Brown algae: Also called diatoms, brown algae are single-celled with a brown color. The algae appear as a dusting over aquarium surfaces and then transform into a thick mat over the course of several days.

Brown slime algae: Also called dinoflagellates, brown slime algae is symbiotic, providing nutrients for inverts like snails but might take over the aquarium.

Black beard algae: Black or dark purple in color, black beard algae often spread on tank plants.

Green algae: This kind of algae is also called algae growth, and it can happen if the lighting is too bright or you don’t let your aquarium cycle appropriately.

Green spot algae: This kind of algae thrives in aquariums with bright lighting, and it can be difficult to get rid of. It mainly spreads on tank walls and slow-growing plants.

Moreover, when choosing the options for algae eaters, you also need to ponder over the conditions in your aquarium.

Algae-consuming fish, snails, and shrimp all have their specific requirements for tank parameters, so you will either have to pick one that is suitable for the tank conditions or adjust your aquarium conditions to suit your new clean-up crew.

Eventually, you need to find how easy it is to care for the algae eater.

Some species need more care than others, especially when it comes to supplemental feeding.

Unless your aquarium is releasing a lot of algae, you will likely need to fill your algae eater’s diet with some types of vegetables or algae pellets and wafers.

A-List of Best Algae Eaters For Your Aquarium

1. Chinese Algae Eater

Chinese Algae Eater
Chinese Algae Eater

The Chinese algae eater is simple to handle and performs well in aquariums of at least 30 gallons in capacity.

These fish can extend up to 10 inches but might become more aggressive as they grow. Thus, it would be best to be careful about housing them in an enclosure with delicate fish species.

On the other hand, their aggression can be considered an advantage. They are one of the only algae consumers that can be raised with big and semi-aggressive fish like cichlids.

Chinese algae eaters require a pH from 6.8 to 7.4 with a KH between 8 and 10. They would love to live in warmer water temperatures, and they need a herbivorous diet to complement their feeding on algae.

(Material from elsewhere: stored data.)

(* Let $U\subset\mathbb R^n$ be open, let $X$ be a $C^\infty$ vector field on $U$ and $V:U\to\mathbb R$ a $C^\infty$ function satisfying assumptions A1, A2 and A3$'$ (stated in the context) for some $c>0$. Then every trajectory of $\dot x = X(x)-\nabla V(x)$ starting in $V^{-1}([0,c])$ stays in $V^{-1}([0,c])$ for all $t\ge0$ and converges to the set $V^{-1}(0)$ as $t\to\infty$. Moreover $V^{-1}(0)$ is an invariant set of both $\dot x=X(x)$ and $\dot x = X(x)-\nabla V(x)$.
   Context: Write $x=(x^1,\dots,x^n)$. Assumptions: (A1) $V(x)\ge0$ for all $x\in U$, $V^{-1}(0)\ne\emptyset$, and $\nabla V(x)\cdot X(x)=0$ for all $x\in U$. (A2) $c>0$ is such that $V^{-1}([0,c])$ is a compact subset of $U$. Define $X^0 g=g$, $Xg = X\cdot\nabla g$, $X^k g = X(X^{k-1}g)$ for $k\ge 2$, and $$S=\Big\{x\in U : X^k\tfrac{\partial V}{\partial x^i}(x)=0 \text{ for all } k\ge0,\ 1\le i\le n\Big\}.$$ (A3$'$) $S\cap V^{-1}([0,c])\subset V^{-1}(0)$. *)

From Stdlib Require Import Reals List.
From mathcomp Require Import ssreflect ssrbool eqtype ssrnat seq fintype.
Set Implicit Arguments.
Open Scope R_scope.

Definition Rn (n : nat) := 'I_n -> R.

Definition rsum {n : nat} (f : 'I_n -> R) : R :=
  foldr (fun j acc => f j + acc) 0 (enum 'I_n).

Definition enorm {n : nat} (v : Rn n) : R := sqrt (rsum (fun i => v i ^ 2)).
Definition vsub {n : nat} (x y : Rn n) : Rn n := fun i => x i - y i.

Definition is_open {n : nat} (U : Rn n -> Prop) : Prop :=
  forall x, U x -> exists r, 0 < r /\ forall y, enorm (vsub y x) < r -> U y.

Definition is_compact {n : nat} (K : Rn n -> Prop) : Prop :=
  forall (J : Type) (O : J -> Rn n -> Prop),
    (forall j, is_open (O j)) ->
    (forall x, K x -> exists j, O j x) ->
    exists l : list J, forall x, K x -> exists j, List.In j l /\ O j x.

Definition cont_on {n : nat} (U : Rn n -> Prop) (f : Rn n -> R) : Prop :=
  forall x, U x -> forall eps, 0 < eps -> exists delta, 0 < delta /\
    forall y, U y -> enorm (vsub y x) < delta -> Rabs (f y - f x) < eps.

Definition upd {n : nat} (x : Rn n) (i : 'I_n) (t : R) : Rn n :=
  fun j => if j == i then t else x j.

Definition partial {n : nat} (f : Rn n -> R) (i : 'I_n) (x : Rn n) (l : R) : Prop :=
  derivable_pt_lim (fun t => f (upd x i t)) (x i) l.

Fixpoint Ck {n : nat} (U : Rn n -> Prop) (k : nat) (f : Rn n -> R) : Prop :=
  match k with
  | O => cont_on U f
  | S k' => cont_on U f /\ forall i, exists g,
              (forall x, U x -> partial f i x (g x)) /\ Ck U k' g
  end.

Definition smooth {n : nat} (U : Rn n -> Prop) (f : Rn n -> R) : Prop :=
  forall k, Ck U k f.

(* lie_iter U X k g h : h = X^k g on U, where X g = X . grad g. *)
Inductive lie_iter {n : nat} (U : Rn n -> Prop) (X : Rn n -> Rn n)
  : nat -> (Rn n -> R) -> (Rn n -> R) -> Prop :=
| lie0 g : lie_iter U X 0 g g
| lieS k g h (p : 'I_n -> Rn n -> R) :
    lie_iter U X k g h ->
    (forall j x, U x -> partial h j x (p j x)) ->
    lie_iter U X (S k) g (fun x => rsum (fun j => X x j * p j x)).

Definition Sset {n : nat} (U : Rn n -> Prop) (X : Rn n -> Rn n) (V : Rn n -> R)
  (x : Rn n) : Prop :=
  U x /\ forall (i : 'I_n) (g : Rn n -> R),
    (forall y, U y -> partial V i y (g y)) ->
    forall k h, lie_iter U X k g h -> h x = 0.

Definition deriv_in (I : R -> Prop) (f : R -> R) (t l : R) : Prop :=
  forall eps, 0 < eps -> exists delta, 0 < delta /\
    forall s, I s -> s <> t -> Rabs (s - t) < delta ->
      Rabs ((f s - f t) / (s - t) - l) < eps.

Definition is_interval (I : R -> Prop) : Prop :=
  forall s t u, I s -> I u -> s <= t -> t <= u -> I t.

Definition sol {n : nat} (U : Rn n -> Prop) (F : Rn n -> Rn n)
  (I : R -> Prop) (x : R -> Rn n) : Prop :=
  forall t, I t -> U (x t) /\ forall i, deriv_in I (fun s => x s i) t (F (x t) i).

(* A is invariant: every solution on an interval through 0 starting in A stays in A
   (forward and backward in time). *)
Definition invariant_set {n : nat} (U : Rn n -> Prop) (F : Rn n -> Rn n)
  (A : Rn n -> Prop) : Prop :=
  forall (I : R -> Prop) (x : R -> Rn n),
    is_interval I -> I 0 -> sol U F I x -> A (x 0) -> forall t, I t -> A (x t).

Definition converges_to_set {n : nat} (x : R -> Rn n) (A : Rn n -> Prop) : Prop :=
  forall eps, 0 < eps -> exists T, forall t, T <= t ->
    exists y, A y /\ enorm (vsub (x t) y) < eps.

(* Along the flow of x' = X(x) - grad V(x), assumption A1 gives d/dt V(x) = -|grad V(x)|^2, so V
   decreases and the compact sublevel set K = V^-1([0,c]) is forward invariant. Picard iteration
   gives local solutions with an existence time that is uniform on K, and they glue to solutions
   on [0, oo). Along such a solution V(x(t)) converges, so Barbalat's lemma gives grad V(x(t)) -> 0,
   and inductively X^k dV/dx^i (x(t)) -> 0, since its derivative along the flow is
   X^(k+1) dV/dx^i (x(t)) plus a term controlled by grad V(x(t)). Every cluster point of the
   trajectory therefore lies in S /\ K, hence in V^-1(0) by A3', and compactness of K turns this
   into convergence to V^-1(0). This zero set is invariant under x' = X(x) because V is a first
   integral of X; it is invariant backwards in time under x' = X(x) - grad V(x) because Glaeser's
   inequality |grad V|^2 <= C V for the nonnegative function V turns d/dt V = -|grad V|^2 into a
   Gronwall inequality. *)

From Coquelicot Require Import Coquelicot.
From Stdlib Require Import Reals Lra Lia ZArith List.
From Stdlib Require Import FunctionalExtensionality ClassicalEpsilon Classical.
From mathcomp Require Import ssreflect ssrfun ssrbool eqtype ssrnat seq fintype.
Open Scope R_scope.
Set Implicit Arguments.

Definition lsum {n : nat} (l : seq 'I_n) (f : 'I_n -> R) : R :=
  foldr (fun j acc => f j + acc) 0 l.

Lemma lsum_plus n (l : seq 'I_n) f g : lsum l (fun j => f j + g j) = lsum l f + lsum l g.
Proof. elim: l => /= [|a l ->]; lra. Qed.

Lemma lsum_scal n (l : seq 'I_n) c f : lsum l (fun j => c * f j) = c * lsum l f.
Proof. elim: l => /= [|a l ->]; ring. Qed.

Lemma lsum_le n (l : seq 'I_n) f g : (forall j, f j <= g j) -> lsum l f <= lsum l g.
Proof. move=> H; elim: l => /= [|a l IH]; [lra|]. have := H a; lra. Qed.

Lemma lsum_nonneg n (l : seq 'I_n) f : (forall j, 0 <= f j) -> 0 <= lsum l f.
Proof. move=> H; elim: l => /= [|a l IH]; [lra|]. have := H a; lra. Qed.

Lemma lsum_abs n (l : seq 'I_n) f : Rabs (lsum l f) <= lsum l (fun j => Rabs (f j)).
Proof.
  elim: l => /= [|a l IH]; first by rewrite Rabs_R0; lra.
  have := Rabs_triang (f a) (lsum l f); lra.
Qed.

Lemma lsum_const_le n (l : seq 'I_n) f B :
  (forall j, f j <= B) -> lsum l f <= INR (size l) * B.
Proof.
  move=> H; elim: l => [|a l IH]; first by rewrite /=; lra.
  change (INR (size (a :: l))) with (INR (S (size l))); rewrite S_INR.
  change (lsum (a :: l) f) with (f a + lsum l f); have := H a; lra.
Qed.

Lemma lsum_mem n (l : seq 'I_n) f j : (forall k, 0 <= f k) -> j \in l -> f j <= lsum l f.
Proof.
  move=> H; elim: l => //= a l IH; rewrite in_cons => /orP [/eqP ->|Hj].
  - have := lsum_nonneg l f H; lra.
  - have := IH Hj; have := H a; lra.
Qed.

Lemma rsum_ext n (f g : 'I_n -> R) : (forall j, f j = g j) -> rsum f = rsum g.
Proof. by move=> H; rewrite /rsum; elim: (enum _) => //= a l ->; rewrite H. Qed.
Lemma rsum_plus n (f g : 'I_n -> R) : rsum (fun j => f j + g j) = rsum f + rsum g.
Proof. exact: lsum_plus. Qed.
Lemma rsum_scal n c (f : 'I_n -> R) : rsum (fun j => c * f j) = c * rsum f.
Proof. exact: lsum_scal. Qed.
Lemma rsum_le n (f g : 'I_n -> R) : (forall j, f j <= g j) -> rsum f <= rsum g.
Proof. exact: lsum_le. Qed.
Lemma rsum_nonneg n (f : 'I_n -> R) : (forall j, 0 <= f j) -> 0 <= rsum f.
Proof. exact: lsum_nonneg. Qed.
Lemma rsum_abs n (f : 'I_n -> R) : Rabs (rsum f) <= rsum (fun j => Rabs (f j)).
Proof. exact: lsum_abs. Qed.
Lemma rsum_const_le n (f : 'I_n -> R) B : (forall j, f j <= B) -> rsum f <= INR n * B.
Proof. by move=> H; have := @lsum_const_le n (enum (ordinal n)) f B H; rewrite size_enum_ord. Qed.
Lemma rsum_mem n (f : 'I_n -> R) j : (forall k, 0 <= f k) -> f j <= rsum f.
Proof. by move=> H; apply: lsum_mem; rewrite ?mem_enum. Qed.

Lemma rsum_minus n (f g : 'I_n -> R) : rsum (fun j => f j - g j) = rsum f - rsum g.
Proof.
  rewrite (@rsum_ext n _ (fun j => f j + (-1) * g j)); last by move=> j; ring.
  rewrite rsum_plus rsum_scal; ring.
Qed.

Lemma rsum_mult_le n (g d : 'I_n -> R) :
  Rabs (rsum (fun j => g j * d j)) <= rsum (fun j => Rabs (g j)) * rsum (fun j => Rabs (d j)).
Proof.
  apply: Rle_trans; first apply: rsum_abs.
  rewrite Rmult_comm -rsum_scal; apply: rsum_le => j.
  rewrite Rabs_mult Rmult_comm; apply: Rmult_le_compat_r; first apply: Rabs_pos.
  apply: (rsum_mem (fun j => Rabs (d j))) => k; apply: Rabs_pos.
Qed.

Definition norm1 {n : nat} (v : Rn n) : R := rsum (fun j => Rabs (v j)).

Definition box {n : nat} (z : Rn n) (r : R) (a : Rn n) : Prop :=
  forall j, Rabs (a j - z j) < r.

Lemma norm1_ge0 n (v : Rn n) : 0 <= norm1 v.
Proof. apply: rsum_nonneg => j; apply: Rabs_pos. Qed.

Lemma norm1_le n (v : Rn n) B : (forall j, Rabs (v j) <= B) -> norm1 v <= INR n * B.
Proof. exact: rsum_const_le. Qed.

Lemma lsum_sq_le n (l : seq 'I_n) (v : Rn n) :
  lsum l (fun i => v i ^ 2) <= (lsum l (fun j => Rabs (v j))) ^ 2.
Proof.
  elim: l => /= [|a l IH]; first lra.
  have H1 := lsum_nonneg l (fun j => Rabs (v j)) (fun j => Rabs_pos (v j)).
  have H2 := Rabs_pos (v a).
  have H3 : v a ^ 2 = Rabs (v a) ^ 2 by rewrite pow2_abs.
  nra.
Qed.

Lemma enorm_le_norm1 n (v : Rn n) : enorm v <= norm1 v.
Proof.
  rewrite /enorm -[X in _ <= X]sqrt_pow2; last exact: norm1_ge0.
  apply: sqrt_le_1_alt; exact: lsum_sq_le.
Qed.

Lemma coord_le_enorm n (v : Rn n) j : Rabs (v j) <= enorm v.
Proof.
  rewrite /enorm -(sqrt_pow2 (Rabs (v j))); last apply: Rabs_pos.
  apply: sqrt_le_1_alt; rewrite pow2_abs.
  apply: (rsum_mem (fun i => v i ^ 2)) => k; apply: pow2_ge_0.
Qed.

Lemma enorm_lt_of_box n (z a : Rn n) r :
  0 < r -> box z (r / (INR n + 1)) a -> enorm (vsub a z) < r.
Proof.
  move=> Hr H.
  have Hn := pos_INR n.
  have H1 : norm1 (vsub a z) <= INR n * (r / (INR n + 1)).
    by apply: norm1_le => j; have := H j; rewrite /vsub; lra.
  have H2 := enorm_le_norm1 (vsub a z).
  have H3 : INR n * (r / (INR n + 1)) < r.
    apply: (Rmult_lt_reg_r (INR n + 1)); first lra.
    field_simplify; lra.
  lra.
Qed.

Lemma box_center n (z : Rn n) r : 0 < r -> box z r z.
Proof. by move=> Hr j; rewrite Rminus_diag Rabs_R0. Qed.

Lemma box_shrink n (z a : Rn n) r r' : r <= r' -> box z r a -> box z r' a.
Proof. by move=> Hr H j; have := H j; lra. Qed.

Lemma ex_radius_all_coords n (P : 'I_n -> R -> Prop) :
  (forall j r r', 0 < r' <= r -> P j r -> P j r') ->
  (forall j, exists r, 0 < r /\ P j r) -> exists r, 0 < r /\ forall j, P j r.
Proof.
  move=> Hm H.
  suff : forall l : seq 'I_n, exists r, 0 < r /\ forall j, j \in l -> P j r.
    by move=> /(_ (enum 'I_n)) [r [Hr Hl]]; exists r; split => // j; apply: Hl; rewrite mem_enum.
  elim => [|a l [r [Hr Hl]]]; first by exists 1; split => //; lra.
  have [ra [Hra Pa]] := H a.
  exists (Rmin r ra); split; first by apply: Rmin_glb_lt.
  move=> j; rewrite in_cons => /orP [/eqP ->|Hj].
  - apply: (Hm a ra) => //; split; [by apply: Rmin_glb_lt | apply: Rmin_r].
  - apply: (Hm j r); last by apply: Hl. split; [by apply: Rmin_glb_lt | apply: Rmin_l].
Qed.

Lemma ex_radius_bound_all_coords n (P : 'I_n -> R -> R -> Prop) :
  (forall j r r' C C', 0 < r' <= r -> C <= C' -> P j r C -> P j r' C') ->
  (forall j, exists r C, 0 < r /\ P j r C) -> exists r C, 0 < r /\ forall j, P j r C.
Proof.
  move=> Hm H.
  suff : forall l : seq 'I_n, exists r C, 0 < r /\ forall j, j \in l -> P j r C.
    move=> /(_ (enum 'I_n)) [r [C [Hr Hl]]].
    by exists r, C; split => // j; apply: Hl; rewrite mem_enum.
  elim => [|a l [r [C [Hr Hl]]]]; first by exists 1, 0; split => //; lra.
  have [ra [Ca [Hra Pa]]] := H a.
  exists (Rmin r ra), (Rmax C Ca); split; first by apply: Rmin_glb_lt.
  move=> j; rewrite in_cons => /orP [/eqP ->|Hj].
  - apply: (Hm a ra _ Ca) => //; [split; [by apply: Rmin_glb_lt | apply: Rmin_r] | apply: Rmax_r].
  - apply: (Hm j r _ C); last by apply: Hl.
    + split; [by apply: Rmin_glb_lt | apply: Rmin_l].
    + apply: Rmax_l.
Qed.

These fish are not one of the most efficient algae eaters on the list as they will probably grow lazy when they become bigger, but they may eat different types of algae while young.

Plus, you should also build some hiding places such as hollow logs or rock caves for your algae eater.

2. Whiptail Catfish

Whiptail Catfish
Whiptail Catfish

A kind of armored catfish, the whiptail is fairly easy to handle and features a peaceful temperament.

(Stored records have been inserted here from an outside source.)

(* 1 <= kappa2 <= 2: the lower bound uses (x_n - y_n)^2 <= |x - y|^2,
   the upper bound 4 x_n y_n <= (x_n + y_n)^2. *)
Lemma kappa2_bounds (x y : V) : Hn x -> Hn y -> 1 <= kappa2 x y <= 2.
Proof.
rewrite /Hn /= /kappa2 /barr_den => a0 b0.
have := lastc_sq_le (x - y); rewrite lastcB => height_le.
have den0 : 0 < ((lastc x + lastc y) ^+ 2 + enorm (x - y) ^+ 2) / 2.
  by have := sqr_ge0 (enorm (x - y)); nra.
have := mulr_gt0 a0 b0; have := sqr_ge0 (lastc x - lastc y) => diff_sq ab0.
by rewrite ler_pdivlMr // ler_pdivrMr //; apply/andP; split; nra.
Qed.

End Comparison.

Section Examples.
Variables (R : realType) (m : nat).
Notation V := 'rV[R]_m.+2.

Definition pt (s t : R) : V :=
  \row_i (if i == ord_max then t else if i == ord0 then s else 0).

Lemma lastc_pt s t : lastc (pt s t) = t.
Proof. by rewrite lastcE mxE eqxx. Qed.

Lemma Hn_pt s t : 0 < t -> Hn (pt s t).
Proof. by rewrite /Hn /= lastc_pt. Qed.

Lemma enorm_pt_sq s t s' t' :
  enorm (pt s t - pt s' t') ^+ 2 = (s - s') ^+ 2 + (t - t') ^+ 2.
Proof.
rewrite enorm_sq (bigD1 ord_max) // (bigD1 ord0) //= big1 => [|i /andP[im i0]].
  have n0 : (ord0 == ord_max :> 'I_m.+2) = false by [].
  by rewrite !mxE eqxx n0 addr0 addrC.
by rewrite !mxE (negbTE i0) (negbTE im) subrr expr0n.
Qed.

Lemma kappa2_pt s t s' t' :
  kappa2 (pt s t) (pt s' t') =
  ((s - s') ^+ 2 + (t - t') ^+ 2 + 4 * t * t') /
  (((t + t') ^+ 2 + ((s - s') ^+ 2 + (t - t') ^+ 2)) / 2).
Proof. by rewrite /kappa2 /barr_den enorm_pt_sq !lastc_pt. Qed.

Lemma th_pt_gt0 s t s' t' :
  0 < t -> 0 < t' -> 0 < (s - s') ^+ 2 + (t - t') ^+ 2 ->
  0 < th (rhoH (pt s t) (pt s' t') / 2).
Proof.
by move=> t0 t'0 d0; apply: th_rhoH_gt0; rewrite ?enorm_pt_sq //; apply: Hn_pt.
Qed.

Lemma barrlund_level :
  barrlund (@Hn R m.+2) 2 (pt 1 1) (pt 0 1) =
  Num.sqrt 2 * th (rhoH (pt 1 1) (pt 0 1) / 2).
Proof.
have h1 : Hn (pt 1 (1 : R)) by apply: Hn_pt; exact: ltr01.
have h0 : Hn (pt 0 (1 : R)) by apply: Hn_pt; exact: ltr01.
by rewrite barrlund_th // kappa2_pt; congr (Num.sqrt _ * _); field.
Qed.

Lemma barrlund_vertical A : 0 < A ->
  barrlund (@Hn R m.+2) 2 (pt 0 A) (pt 0 1) =
  Num.sqrt ((A + 1) ^+ 2 / (A ^+ 2 + 1)) * th (rhoH (pt 0 A) (pt 0 1) / 2).
Proof.
move=> A0; have hA : Hn (pt 0 A) := Hn_pt 0 A0.
have h1 : Hn (pt 0 (1 : R)) by apply: Hn_pt; exact: ltr01.
rewrite barrlund_th // kappa2_pt subrr expr0n add0r.
have nA : A ^+ 2 + 1 != 0 by rewrite gt_eqF // ltr_pwDr // sqr_ge0.
have nD : (A + 1) ^+ 2 + (A - 1) ^+ 2 != 0.
  by rewrite gt_eqF //; have := sqr_ge0 (A + 1); have := sqr_ge0 (A - 1); nra.
by congr (Num.sqrt _ * _); field; rewrite nA nD.
Qed.

End Examples.

Lemma vertical_ratio_small (R : realType) (c : R) : 1 < c ->
  exists2 A : R, 1 < A & Num.sqrt ((A + 1) ^+ 2 / (A ^+ 2 + 1)) < c.
Proof.
move=> c1; set K := c ^+ 2 - 1.
have K0 : 0 < K by rewrite /K; nra.
exists (1 + 2 / K); first by rewrite ltrDl divr_gt0.
set A := 1 + 2 / K.
have AK : A * K = K + 2 by rewrite /A; field; rewrite gt_eqF.
have A0 : 0 < A by rewrite /A addr_gt0 // divr_gt0.
have c0 : 0 <= c by lra.
rewrite -[ltRHS](ger0_norm c0) -sqrtr_sqr ltr_sqrt; last by apply: exprn_gt0; lra.
rewrite ltr_pdivrMr; last by have := sqr_ge0 A; lra.
have -> : c ^+ 2 = K + 1 by rewrite /K; ring.
nra.
Qed.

This species comes in neutral colors such as tan and black, and they can reach up to 6 inches long, so they need a tank of at least 50 gallons in capacity.

These fish are omnivorous, so they not only eat algae but also feed on detritus like leftover fish food.

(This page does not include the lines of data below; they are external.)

Lemma mixnorm_le_kq : mixnorm q2 x <= kq q2 x * mixnorm q1 x.
Proof.
have [i xi] := block_norm_gt0 x_neq0.
exact: (lnorm_le_sparsity (block_norm_ge0 x) xi _ _ q2_gt1 q21).
Qed.

End nonzero.

End blocks.

Section beta.
Variables (R : realType) (m p n : nat) (A : 'M[R]_(m, p * n)).

Lemma beta_eq0 q s : (p * n = 0)%N -> beta q s A = 0.
Proof.
move=> pn0; rewrite /beta.
have -> : [set z : 'cV[R]_(p * n) | z != 0 /\ kq q z <= s] = set0.
  apply/seteqP; split=> // z [/negP z_neq0 _]; apply: z_neq0.
  by apply/eqP/matrixP => k; have := ltn_ord k; rewrite {2}pn0.
by rewrite image_set0 inf0.
Qed.

Lemma ler_beta q1 q2 s1 s2 c : (0 < q1)%E -> (0 < q2)%E -> 0 <= c ->
    (exists z : 'cV[R]_(p * n), z != 0 /\ kq q1 z <= s1) ->
    (forall z : 'cV[R]_(p * n), z != 0 -> kq q1 z <= s1 ->
       kq q2 z <= s2 /\ c * mixnorm q1 z <= mixnorm q2 z) ->
  c * beta q2 s2 A <= beta q1 s1 A.
Proof.
move=> q1_gt0 q2_gt0 c_ge0 [z0 z0_feas] feas.
apply: lb_le_inf; first by exists (norm2 (A *m z0) / mixnorm q1 z0), z0.
move=> _ [z [z_neq0 kz] <-]; have [kz2 cN] := feas z z_neq0 kz.
have N1 := mixnorm_gt0 q1_gt0 z_neq0; have N2 := mixnorm_gt0 q2_gt0 z_neq0.
apply: le_trans (_ : c * (norm2 (A *m z) / mixnorm q2 z) <= _).
  apply: ler_wpM2l => //; apply: ge_inf; last by exists z.
  exists 0 => _ [w [w_neq0 _] <-].
  by rewrite divr_ge0 ?sqrtr_ge0 // ltW // mixnorm_gt0.
rewrite mulrCA; apply: ler_wpM2l; first exact: sqrtr_ge0.
by rewrite ler_pdivrMr // ler_pdivlMl // mulrC.
Qed.

End beta.

Theorem proposition2 (R : realType) (m p n : nat) (A : 'M[R]_(m, p * n))
    (q1 q2 : \bar R) (s : R) :
  (1%:E < q2)%E -> (q2 <= q1)%E ->
  1 <= s -> s <= powR p%:R ((qtilde q1 q2)^-1) ->
  beta q1 s A >= beta q2 (powR s (qtilde q1 q2)) A /\
  beta q2 (powR s (qtilde q1 q2)) A >=
    powR s (- qtilde q1 q2) * beta q1 (powR s (qtilde q1 q2)) A.
Proof.
move=> q2_gt1 q21 s_ge1 _; have q1_gt1 := lt_le_trans q2_gt1 q21.
have q1_gt0 := lt_trans lte01 q1_gt1; have q2_gt0 := lt_trans lte01 q2_gt1.
set qt := qtilde q1 q2.
have [pn0|pn_gt0] := posnP (p * n); first by rewrite !beta_eq0 // mulr0.
split.
- rewrite -[leLHS]mul1r; apply: ler_beta => //; first exact: exists_kq_le.
  move=> z z_neq0 kz; rewrite mul1r; split; first exact: kq_le_powR_qtilde.
  exact: mixnorm_le.
- have sqt_gt1 : 1 <= s `^ qt by rewrite -(powRr0 s) ler_powR // qtilde_ge0.
  apply: ler_beta => //; [exact: powR_ge0 | exact: exists_kq_le |].
  move=> z z_neq0 kz; split; first exact: le_trans (kq_le z_neq0 q2_gt1 q21) kz.
  rewrite powRN ler_pdivrMl ?(lt_le_trans ltr01) //.
  apply: le_trans (mixnorm_le_kq z_neq0 q2_gt1 q21) _.
  by apply: ler_wpM2r kz; exact/ltW/(mixnorm_gt0 q1_gt0 z_neq0).
Qed.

They would require a KH from 4 to 8 with pH in the 6.5 to 7.0 range. Their preferred water temperature ranges from 73 to 79 degrees Fahrenheit as they hail from the tropical areas in South America.

3. Otocinclus Catfish

Otocinclus Catfish
Otocinclus Catfish

This is one of the smallest algae cleaners on this list – the otocinclus catfish can develop up to 2 inches long.

These fish have common in appearance with the larger Chinese algae eater, but they are far more peaceful.

They thrive well in community aquariums and live in harmony with other bottom-feeders, but they shouldn’t be raised with large or aggressive fish like cichlids.

Octocinclus catfíh are fairly easy to maintain, but they require a large aquarium of at least 30 gallons. Thereby, they have a sufficient amount of algae to feed on. And they should also be kept in schools.

These fish require a pH ranging from 6.5 to 7.5 but can withstand some variety in water chemistry. They do an excellent job of eliminating brown algae in a short time before they become problematic in your aquarium.

4. Siamese Algae Eater

Siamese Algae Eater
Siamese Algae Eater

The Siamese algae eater is regarded as one of the best algae-consuming species as it has the ability to eat a number of algae types.

These algae-cleaning crews are moderately peaceful and simple to care for. Thus, they might be a perfect option for novice aquarium hobbyists, doing a good job of controlling algae growth in a new tank.

Siamese algae eaters require an aquarium size no smaller than 30 gallons, and they need a pH from 6.5 to 7.0 with a temperature from 75 to 79 degrees Fahrenheit.

These species can be kept in community aquariums. In addition to algae, you can also feed them with algae wafers or pellets, ensuring they are not hungry.

6. Molly Fish

Molly Fish
Molly Fish

While they might not mainly feed on algae like other options, molly fish and other livebearers will eat algae from time to time if it is available in your tank.

Other livebearers include swordtails and platies. Swordtails are unique as they have various colors. You can easily differentiate between the sexes as males tend to have a long sword-like projection at the base of their tails. Similarly, platies also come in a range of colors and patterns.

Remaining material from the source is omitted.